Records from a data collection
· · · · ·

(* Let $(F,v)$ be a valued field. Every nonsingular quadratic space $(V,q)$ over $F$ admits a $v$-norm which is compatible with $q$ of some depth $\varepsilon\in\frac12\Gamma_F$ with $0\le\varepsilon\le v(2)$. Moreover, every hyperbolic quadratic space over $F$ admits a tame (i.e. depth $0$) compatible $v$-norm.
   Context: $F$ is a field with valuation $v\colon F\to\Gamma\cup\{\infty\}$, $\Gamma$ divisible totally ordered abelian group, $\Gamma_F=v(F^\times)$, $\frac12\Gamma_F=\{\gamma\in\Gamma:2\gamma\in\Gamma_F\}$; $v(2)=\infty$ iff $\operatorname{char}F=2$. A quadratic form is nonsingular if its polar form $b_q(x,y)=q(x+y)-q(x)-q(y)$ is nondegenerate. A $v$-norm on a finite-dimensional $F$-space $V$ is a map $\alpha\colon V\to\Gamma\cup\{\infty\}$ with $\alpha(x)=\infty\iff x=0$, $\alpha(\lambda x)=v(\lambda)+\alpha(x)$, $\alpha(x+y)\ge\min(\alpha(x),\alpha(y))$, admitting a basis $(e_i)$ with $\alpha(\sum\lambda_ie_i)=\min_i\alpha(\lambda_ie_i)$. For $\varepsilon\in\Gamma$, $\varepsilon\ge0$, $\alpha$ is compatible of depth $\varepsilon$ with $q$ if (a) $v(b_q(x,y))\ge\alpha(x)+\alpha(y)+\varepsilon$ for all $x,y$; (b) $v(q(x))\ge2\alpha(x)$ for all $x$; (c) for every $x\neq0$ there exists $y\neq0$ with $v(b_q(x,y))=\alpha(x)+\alpha(y)+\varepsilon$. Tame means depth $0$. *)

From HB Require Import structures.
From mathcomp Require Import all_boot all_order all_algebra.
Set Implicit Arguments. Unset Strict Implicit. Unset Printing Implicit Defensive.
Import Order.TTheory GRing.Theory Num.Theory.
Local Open Scope ring_scope.

Definition divisible_ordered_group (G : porderZmodType) : Prop :=
  [/\ (forall a b : G, (a <= b) || (b <= a)),
      (forall a b c : G, a <= b -> a + c <= b + c) &
      (forall (n : nat) (g : G), (0 < n)%N -> exists h : G, h *+ n = g)].

(* Gamma \cup {oo} is represented by option G, with None = oo. *)
Definition vle (G : porderZmodType) (a b : option G) : bool :=
  match a, b with
  | _, None => true
  | None, Some _ => false
  | Some x, Some y => x <= y
  end.

Definition vadd (G : porderZmodType) (a b : option G) : option G :=
  match a, b with
  | Some x, Some y => Some (x + y)
  | _, _ => None
  end.

Definition vmin (G : porderZmodType) (a b : option G) : option G :=
  if vle a b then a else b.

Definition valuation (F : fieldType) (G : porderZmodType) (v : F -> option G) : Prop :=
  [/\ (forall x, v x = None <-> x = 0),
      (forall x y, v (x * y) = vadd (v x) (v y)) &
      (forall x y, vle (vmin (v x) (v y)) (v (x + y)))].

Definition in_half_value_group (F : fieldType) (G : porderZmodType)
  (v : F -> option G) (eps : G) : Prop :=
  exists x : F, x != 0 /\ v x = Some (eps + eps).

Definition polar (F : fieldType) (V : vectType F) (q : V -> F) (x y : V) : F :=
  q (x + y) - q x - q y.

Definition quadratic_form (F : fieldType) (V : vectType F) (q : V -> F) : Prop :=
  [/\ (forall (a : F) (x : V), q (a *: x) = a ^+ 2 * q x),
      (forall x y z : V, polar q (x + y) z = polar q x z + polar q y z) &
      (forall (a : F) (x y : V), polar q (a *: x) y = a * polar q x y)].

Definition nonsingular (F : fieldType) (V : vectType F) (q : V -> F) : Prop :=
  forall x : V, (forall y : V, polar q x y = 0) -> x = 0.

(* hyperbolic quadratic space: orthogonal sum of hyperbolic planes, i.e.
   V has a basis e_1..e_n, f_1..f_n with q(sum a_i e_i + b_i f_i) = sum a_i b_i *)
Definition hyperbolic (F : fieldType) (V : vectType F) (q : V -> F) : Prop :=
  exists (n : nat) (e f : n.-tuple V),
    basis_of fullv (tval e ++ tval f) /\
    forall a b : 'I_n -> F,
      q (\sum_(i < n) (a i *: tnth e i + b i *: tnth f i)) = \sum_(i < n) a i * b i.

Definition vnorm (F : fieldType) (G : porderZmodType) (v : F -> option G)
  (V : vectType F) (alpha : V -> option G) : Prop :=
  [/\ (forall x, alpha x = None <-> x = 0),
      (forall (l : F) (x : V), alpha (l *: x) = vadd (v l) (alpha x)),
      (forall x y, vle (vmin (alpha x) (alpha y)) (alpha (x + y))) &
      (exists e : seq V, basis_of fullv e /\
         forall l : 'I_(size e) -> F,
           alpha (\sum_(i < size e) l i *: e`_i)
           = foldr (@vmin G) None [seq alpha (l i *: e`_i) | i <- enum 'I_(size e)])].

· · · · ·

**Your objective:** Set down the entries verbatim, leaving none out.

**Solved problem:**
(* Let $(F,v)$ be a valued field. Every nonsingular quadratic space $(V,q)$ over $F$ admits a $v$-norm which is compatible with $q$ of some depth $\varepsilon\in\frac12\Gamma_F$ with $0\le\varepsilon\le v(2)$. Moreover, every hyperbolic quadratic space over $F$ admits a tame (i.e. depth $0$) compatible $v$-norm.
   Context: $F$ is a field with valuation $v\colon F\to\Gamma\cup\{\infty\}$, $\Gamma$ divisible totally ordered abelian group, $\Gamma_F=v(F^\times)$, $\frac12\Gamma_F=\{\gamma\in\Gamma:2\gamma\in\Gamma_F\}$; $v(2)=\infty$ iff $\operatorname{char}F=2$. A quadratic form is nonsingular if its polar form $b_q(x,y)=q(x+y)-q(x)-q(y)$ is nondegenerate. A $v$-norm on a finite-dimensional $F$-space $V$ is a map $\alpha\colon V\to\Gamma\cup\{\infty\}$ with $\alpha(x)=\infty\iff x=0$, $\alpha(\lambda x)=v(\lambda)+\alpha(x)$, $\alpha(x+y)\ge\min(\alpha(x),\alpha(y))$, admitting a basis $(e_i)$ with $\alpha(\sum\lambda_ie_i)=\min_i\alpha(\lambda_ie_i)$. For $\varepsilon\in\Gamma$, $\varepsilon\ge0$, $\alpha$ is compatible of depth $\varepsilon$ with $q$ if (a) $v(b_q(x,y))\ge\alpha(x)+\alpha(y)+\varepsilon$ for all $x,y$; (b) $v(q(x))\ge2\alpha(x)$ for all $x$; (c) for every $x\neq0$ there exists $y\neq0$ with $v(b_q(x,y))=\alpha(x)+\alpha(y)+\varepsilon$. Tame means depth $0$. *)

From HB Require Import structures.
From mathcomp Require Import all_boot all_order all_algebra.
Set Implicit Arguments. Unset Strict Implicit. Unset Printing Implicit Defensive.
Import Order.TTheory GRing.Theory Num.Theory.
Local Open Scope ring_scope.

Definition divisible_ordered_group (G : porderZmodType) : Prop :=
  [/\ (forall a b : G, (a <= b) || (b <= a)),
      (forall a b c : G, a <= b -> a + c <= b + c) &
      (forall (n : nat) (g : G), (0 < n)%N -> exists h : G, h *+ n = g)].

(* Gamma \cup {oo} is represented by option G, with None = oo. *)
Definition vle (G : porderZmodType) (a b : option G) : bool :=
  match a, b with
  | _, None => true
  | None, Some _ => false
  | Some x, Some y => x <= y
  end.

Definition vadd (G : porderZmodType) (a b : option G) : option G :=
  match a, b with
  | Some x, Some y => Some (x + y)
  | _, _ => None
  end.

Definition vmin (G : porderZmodType) (a b : option G) : option G :=
  if vle a b then a else b.

Definition valuation (F : fieldType) (G : porderZmodType) (v : F -> option G) : Prop :=
  [/\ (forall x, v x = None <-> x = 0),
      (forall x y, v (x * y) = vadd (v x) (v y)) &
      (forall x y, vle (vmin (v x) (v y)) (v (x + y)))].

Definition in_half_value_group (F : fieldType) (G : porderZmodType)
  (v : F -> option G) (eps : G) : Prop :=
  exists x : F, x != 0 /\ v x = Some (eps + eps).

Definition polar (F : fieldType) (V : vectType F) (q : V -> F) (x y : V) : F :=
  q (x + y) - q x - q y.

Definition quadratic_form (F : fieldType) (V : vectType F) (q : V -> F) : Prop :=
  [/\ (forall (a : F) (x : V), q (a *: x) = a ^+ 2 * q x),
      (forall x y z : V, polar q (x + y) z = polar q x z + polar q y z) &
      (forall (a : F) (x y : V), polar q (a *: x) y = a * polar q x y)].

Definition nonsingular (F : fieldType) (V : vectType F) (q : V -> F) : Prop :=
  forall x : V, (forall y : V, polar q x y = 0) -> x = 0.

(* hyperbolic quadratic space: orthogonal sum of hyperbolic planes, i.e.
   V has a basis e_1..e_n, f_1..f_n with q(sum a_i e_i + b_i f_i) = sum a_i b_i *)
Definition hyperbolic (F : fieldType) (V : vectType F) (q : V -> F) : Prop :=
  exists (n : nat) (e f : n.-tuple V),
    basis_of fullv (tval e ++ tval f) /\
    forall a b : 'I_n -> F,
      q (\sum_(i < n) (a i *: tnth e i + b i *: tnth f i)) = \sum_(i < n) a i * b i.

Definition vnorm (F : fieldType) (G : porderZmodType) (v : F -> option G)
  (V : vectType F) (alpha : V -> option G) : Prop :=
  [/\ (forall x, alpha x = None <-> x = 0),
      (forall (l : F) (x : V), alpha (l *: x) = vadd (v l) (alpha x)),
      (forall x y, vle (vmin (alpha x) (alpha y)) (alpha (x + y))) &
      (exists e : seq V, basis_of fullv e /\
         forall l : 'I_(size e) -> F,
           alpha (\sum_(i < size e) l i *: e`_i)
           = foldr (@vmin G) None [seq alpha (l i *: e`_i) | i <- enum 'I_(size e)])].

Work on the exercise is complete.